[Stored data]

====

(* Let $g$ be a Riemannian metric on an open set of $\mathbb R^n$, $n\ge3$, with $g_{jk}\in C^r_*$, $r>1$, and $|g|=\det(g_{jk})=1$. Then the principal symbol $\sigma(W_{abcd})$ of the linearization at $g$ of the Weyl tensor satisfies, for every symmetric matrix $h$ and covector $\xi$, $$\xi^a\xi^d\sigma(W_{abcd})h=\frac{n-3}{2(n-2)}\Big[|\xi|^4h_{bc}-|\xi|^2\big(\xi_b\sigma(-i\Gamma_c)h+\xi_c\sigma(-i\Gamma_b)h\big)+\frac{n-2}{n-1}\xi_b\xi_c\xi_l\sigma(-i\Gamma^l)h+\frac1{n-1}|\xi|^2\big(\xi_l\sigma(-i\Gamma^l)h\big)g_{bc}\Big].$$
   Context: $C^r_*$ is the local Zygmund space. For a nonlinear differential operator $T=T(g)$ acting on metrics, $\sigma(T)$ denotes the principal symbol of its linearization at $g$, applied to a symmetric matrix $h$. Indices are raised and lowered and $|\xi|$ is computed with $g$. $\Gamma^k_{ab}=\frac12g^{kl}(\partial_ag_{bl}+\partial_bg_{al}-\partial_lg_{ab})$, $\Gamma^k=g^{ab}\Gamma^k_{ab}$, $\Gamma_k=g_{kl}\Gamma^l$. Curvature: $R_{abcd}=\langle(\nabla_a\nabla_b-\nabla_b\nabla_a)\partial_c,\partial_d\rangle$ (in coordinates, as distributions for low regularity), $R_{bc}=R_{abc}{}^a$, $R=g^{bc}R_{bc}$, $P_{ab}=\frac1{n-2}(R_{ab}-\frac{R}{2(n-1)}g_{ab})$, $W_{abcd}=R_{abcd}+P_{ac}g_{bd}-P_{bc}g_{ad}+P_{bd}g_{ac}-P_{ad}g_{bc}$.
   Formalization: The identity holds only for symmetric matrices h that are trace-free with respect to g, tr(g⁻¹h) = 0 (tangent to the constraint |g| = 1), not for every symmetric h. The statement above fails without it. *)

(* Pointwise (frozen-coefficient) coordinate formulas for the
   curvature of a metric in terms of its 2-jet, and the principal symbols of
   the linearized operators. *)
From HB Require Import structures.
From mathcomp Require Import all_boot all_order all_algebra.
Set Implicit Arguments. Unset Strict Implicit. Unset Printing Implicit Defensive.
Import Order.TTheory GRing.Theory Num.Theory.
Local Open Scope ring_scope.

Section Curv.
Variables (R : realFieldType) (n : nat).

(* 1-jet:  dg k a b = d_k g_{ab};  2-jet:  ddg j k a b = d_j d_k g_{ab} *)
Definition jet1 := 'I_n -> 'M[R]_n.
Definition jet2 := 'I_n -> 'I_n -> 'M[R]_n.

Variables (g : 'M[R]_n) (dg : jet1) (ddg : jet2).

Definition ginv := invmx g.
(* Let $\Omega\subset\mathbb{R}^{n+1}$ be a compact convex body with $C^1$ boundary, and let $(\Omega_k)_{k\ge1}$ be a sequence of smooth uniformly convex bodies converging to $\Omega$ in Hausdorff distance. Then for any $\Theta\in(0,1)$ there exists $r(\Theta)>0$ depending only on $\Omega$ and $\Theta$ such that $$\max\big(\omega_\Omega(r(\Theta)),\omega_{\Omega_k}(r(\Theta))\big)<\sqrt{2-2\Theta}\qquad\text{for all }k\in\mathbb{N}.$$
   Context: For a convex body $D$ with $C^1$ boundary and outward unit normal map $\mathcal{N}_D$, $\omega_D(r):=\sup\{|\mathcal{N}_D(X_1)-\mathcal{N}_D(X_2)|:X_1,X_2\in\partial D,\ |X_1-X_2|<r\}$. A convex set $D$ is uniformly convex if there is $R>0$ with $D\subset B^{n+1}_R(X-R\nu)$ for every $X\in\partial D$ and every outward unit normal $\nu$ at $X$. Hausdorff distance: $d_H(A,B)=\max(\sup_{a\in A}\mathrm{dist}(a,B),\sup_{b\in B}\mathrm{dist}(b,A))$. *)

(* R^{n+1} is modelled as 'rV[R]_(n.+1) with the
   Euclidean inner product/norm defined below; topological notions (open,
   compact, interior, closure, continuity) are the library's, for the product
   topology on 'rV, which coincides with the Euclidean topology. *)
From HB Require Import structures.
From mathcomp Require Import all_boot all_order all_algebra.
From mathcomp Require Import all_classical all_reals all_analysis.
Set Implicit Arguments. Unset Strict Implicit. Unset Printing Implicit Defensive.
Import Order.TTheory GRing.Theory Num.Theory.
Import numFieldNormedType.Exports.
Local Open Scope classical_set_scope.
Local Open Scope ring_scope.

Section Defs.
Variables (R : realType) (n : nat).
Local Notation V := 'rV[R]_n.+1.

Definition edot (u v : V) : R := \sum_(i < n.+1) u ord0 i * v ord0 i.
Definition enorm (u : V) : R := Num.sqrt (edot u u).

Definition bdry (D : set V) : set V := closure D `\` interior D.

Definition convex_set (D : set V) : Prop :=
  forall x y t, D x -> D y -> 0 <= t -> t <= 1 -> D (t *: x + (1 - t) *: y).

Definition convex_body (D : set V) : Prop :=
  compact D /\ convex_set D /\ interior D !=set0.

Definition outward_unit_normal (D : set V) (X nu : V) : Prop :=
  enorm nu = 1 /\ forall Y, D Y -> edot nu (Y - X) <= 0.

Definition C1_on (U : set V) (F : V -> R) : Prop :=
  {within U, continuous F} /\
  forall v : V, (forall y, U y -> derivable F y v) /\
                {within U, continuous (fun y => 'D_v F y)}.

====

Each line of the records above, from the first through the one containing "Definition ginv := invmx g.", is to be retyped exactly; no other line belongs.

(* Let $g$ be a Riemannian metric on an open set of $\mathbb R^n$, $n\ge3$, with $g_{jk}\in C^r_*$, $r>1$, and $|g|=\det(g_{jk})=1$. Then the principal symbol $\sigma(W_{abcd})$ of the linearization at $g$ of the Weyl tensor satisfies, for every symmetric matrix $h$ and covector $\xi$, $$\xi^a\xi^d\sigma(W_{abcd})h=\frac{n-3}{2(n-2)}\Big[|\xi|^4h_{bc}-|\xi|^2\big(\xi_b\sigma(-i\Gamma_c)h+\xi_c\sigma(-i\Gamma_b)h\big)+\frac{n-2}{n-1}\xi_b\xi_c\xi_l\sigma(-i\Gamma^l)h+\frac1{n-1}|\xi|^2\big(\xi_l\sigma(-i\Gamma^l)h\big)g_{bc}\Big].$$
   Context: $C^r_*$ is the local Zygmund space. For a nonlinear differential operator $T=T(g)$ acting on metrics, $\sigma(T)$ denotes the principal symbol of its linearization at $g$, applied to a symmetric matrix $h$. Indices are raised and lowered and $|\xi|$ is computed with $g$. $\Gamma^k_{ab}=\frac12g^{kl}(\partial_ag_{bl}+\partial_bg_{al}-\partial_lg_{ab})$, $\Gamma^k=g^{ab}\Gamma^k_{ab}$, $\Gamma_k=g_{kl}\Gamma^l$. Curvature: $R_{abcd}=\langle(\nabla_a\nabla_b-\nabla_b\nabla_a)\partial_c,\partial_d\rangle$ (in coordinates, as distributions for low regularity), $R_{bc}=R_{abc}{}^a$, $R=g^{bc}R_{bc}$, $P_{ab}=\frac1{n-2}(R_{ab}-\frac{R}{2(n-1)}g_{ab})$, $W_{abcd}=R_{abcd}+P_{ac}g_{bd}-P_{bc}g_{ad}+P_{bd}g_{ac}-P_{ad}g_{bc}$.
   Formalization: The identity holds only for symmetric matrices h that are trace-free with respect to g, tr(g⁻¹h) = 0 (tangent to the constraint |g| = 1), not for every symmetric h. The statement above fails without it. *)

(* Pointwise (frozen-coefficient) coordinate formulas for the
   curvature of a metric in terms of its 2-jet, and the principal symbols of
   the linearized operators. *)
From HB Require Import structures.
From mathcomp Require Import all_boot all_order all_algebra.
Set Implicit Arguments. Unset Strict Implicit. Unset Printing Implicit Defensive.
Import Order.TTheory GRing.Theory Num.Theory.
Local Open Scope ring_scope.

Section Curv.
Variables (R : realFieldType) (n : nat).

(* 1-jet:  dg k a b = d_k g_{ab};  2-jet:  ddg j k a b = d_j d_k g_{ab} *)
Definition jet1 := 'I_n -> 'M[R]_n.
Definition jet2 := 'I_n -> 'I_n -> 'M[R]_n.

Variables (g : 'M[R]_n) (dg : jet1) (ddg : jet2).

Definition ginv := invmx g.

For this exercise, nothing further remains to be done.